京都ノートルダム女子大の募集停止や武庫川女子大の共学化発表は記憶に新しく、関東でもフェリス女学院大や白百合女子大などが定員割れを起こしています。
こうした、かつてのブランド校が苦しむ姿を見て、メディアは「女子大の危機」と書き立てます。
ですが、その主語は少し大き過ぎるかもしれません。同じ関東圏でも、東京家政大や大妻女子大、共立女子大などは定員割れとは無縁で、むしろ堅調な人気を誇っているからです。
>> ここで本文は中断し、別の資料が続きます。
Lemma is_series_recip_dev :
  is_series (fun m => recip_dev (S m)) (1 + ln c - Series (fun m => frac_term (S m))).
Proof.
  set (T := Series (fun m => frac_term (S m))).
  assert (HT : is_lim_seq (sum1 frac_term) T).
  { apply (is_lim_seq_incr_1 (sum1 frac_term)).
    apply is_lim_seq_ext with (sum_n (fun m => frac_term (S m))); [apply sum_n_sum1|].
    exact (Series_correct _ ex_series_frac_term). }
  unfold is_series. change (is_lim_seq (sum_n (fun m => recip_dev (S m))) (1 + ln c - T)).
  apply is_lim_seq_ext with (fun N => sum1 recip_dev (S N)); [intro; symmetry; apply sum_n_sum1|].
  apply (is_lim_seq_incr_1 (sum1 recip_dev)).
  apply is_lim_seq_ext with (fun N => harm (bnat c N) - harm N + 1 - sum1 frac_term (bnat c N)
    - c * frc (/ c * INR (S (bnat c N))) / INR (S (bnat c N))); [intro; symmetry; apply sum1_recip_dev|].
  replace (1 + ln c - T) with (ln c + 1 - T - 0) by ring.
  apply is_lim_seq_minus'; [|exact lim_frac_boundary].
  apply is_lim_seq_minus'; [|exact (is_lim_seq_subseq _ _ _ (bnat_eventually c c_gt1) HT)].
  apply is_lim_seq_plus'; [exact (lim_harm_bnat_sub c c_gt1)|apply is_lim_seq_const].
Qed.

End Beatty.

Section Ratio_decomposition.

Variable c : R.
Hypothesis c_gt1 : 1 < c.

Definition err_ratio (n : nat) : R := frc (c * INR n) / bseq c n.

Definition err_cross (k n : nat) : R :=
  frc (c * INR (n + k)) * (/ bseq c (n + k) - / bseq c n).

Definition ratio_rem (k : nat) : R :=
  sum1 err_ratio k + Series (fun m => err_cross k (S m)).

Lemma bseq_ratio_decomp (k n : nat) : (1 <= n)%nat ->
  bseq c (n + k) / bseq c n
  = 1 + INR k / INR n + INR k * recip_dev c n + (err_ratio n - err_ratio (n + k))
    + err_cross k n.
Proof.
  intros Hn. unfold recip_dev, err_ratio, err_cross, frc.
  change (flr (c * INR n)) with (bseq c n). change (flr (c * INR (n + k))) with (bseq c (n + k)).
  pose proof (bseq_pos c c_gt1 n Hn). pose proof (bseq_pos c c_gt1 (n + k) ltac:(lia)).
  assert (1 <= INR n) by (apply (le_INR 1); exact Hn).
  rewrite plus_INR. field. repeat split; lra.
Qed.

Lemma inv_bseq_bounds (n : nat) : (1 <= n)%nat -> 0 <= / bseq c n <= / INR n.
Proof.
  intros Hn. pose proof (bseq_ge c c_gt1 n).
  assert (1 <= INR n) by (apply (le_INR 1); exact Hn).
  split; [apply Rlt_le, Rinv_0_lt_compat; lra|]. apply Rinv_le_contravar; lra.
Qed.

Lemma err_ratio_bounds (n : nat) : (1 <= n)%nat -> 0 <= err_ratio n <= / INR n.
Proof.
  intros Hn. pose proof (inv_bseq_bounds n Hn). pose proof (frc_bounds (c * INR n)).
  unfold err_ratio, Rdiv. split; [apply Rmult_le_pos; lra|].
  apply Rle_trans with (1 * / bseq c n); [apply Rmult_le_compat_r; lra|lra].
Qed.

Lemma err_cross_abs (k n : nat) : (1 <= n)%nat ->
  Rabs (err_cross k n) <= / bseq c n - / bseq c (n + k).
Proof.
  intros Hn. unfold err_cross.
  pose proof (bseq_pos c c_gt1 n Hn). pose proof (bseq_le c c_gt1 n (n + k) ltac:(lia)).
  assert (/ bseq c (n + k) <= / bseq c n) by (apply Rinv_le_contravar; lra).
  pose proof (frc_bounds (c * INR (n + k))).
  rewrite Rabs_mult, (Rabs_pos_eq (frc _)), Rabs_minus_sym, Rabs_pos_eq by lra.
  apply Rle_trans with (1 * (/ bseq c n - / bseq c (n + k))); [apply Rmult_le_compat_r|]; lra.
Qed.

Lemma is_series_inv_bseq_telescope (k : nat) :
  is_series (fun m => / bseq c (S m) - / bseq c (S m + k)) (sum1 (fun n => / bseq c n) k).
Proof.
  apply (is_series_telescope (fun n => / bseq c n)).
  apply is_lim_seq_le_inv_INR. exact inv_bseq_bounds.
Qed.

Lemma ex_series_err_cross_abs (k : nat) : ex_series (fun m => Rabs (err_cross k (S m))).
Proof.
  apply (@ex_series_le R_AbsRing R_CompleteNormedModule _
           (fun m => / bseq c (S m) - / bseq c (S m + k))).
  - intro m. change norm with Rabs. rewrite Rabs_Rabsolu. apply err_cross_abs. lia.
  - eexists. apply is_series_inv_bseq_telescope.
Qed.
凋落(ちょうらく)する大学と、生き残る大学。その「生死」を分けた決定的な差は何だったのでしょうか。今回はその生存戦略の正体を探るべく、「危機的ではない女子大」の1つ、共立女子大の事例にスポットを当てます。
「教養の女子大」と「実学の女子大」の明暗
女子大には2種類あります。教養系の女子大と実学系の女子大です。前者はミッション系の女子大に代表される「お嬢様女子大」と言われていた大学です。良家の子女が教養を身に付けるために進学した大学です。一方で、女子が「手に職」をつけるための女子大も存在しました。
その典型例が共立女子大です。1886年に設立された共立女子職業学校が発祥です。1949年に家政学部を開設し、被服や栄養士といった「手に職」を付けていくための教育を展開してきました。
その後、2004年に短大に看護学科を新設し、2007年には建築・デザイン学科と児童学科を設置。2013年には4年制大学の看護学部も誕生し、看護師や建築士、幼稚園教諭、保育士の資格を取得できるようになりました。
「女性社長の出身大学ランキングで10位に入っています。専門性を生かして起業される卒業生が多いからではないかと思います」(共立女子大学 入試・広報課 広報グループ 長野さん)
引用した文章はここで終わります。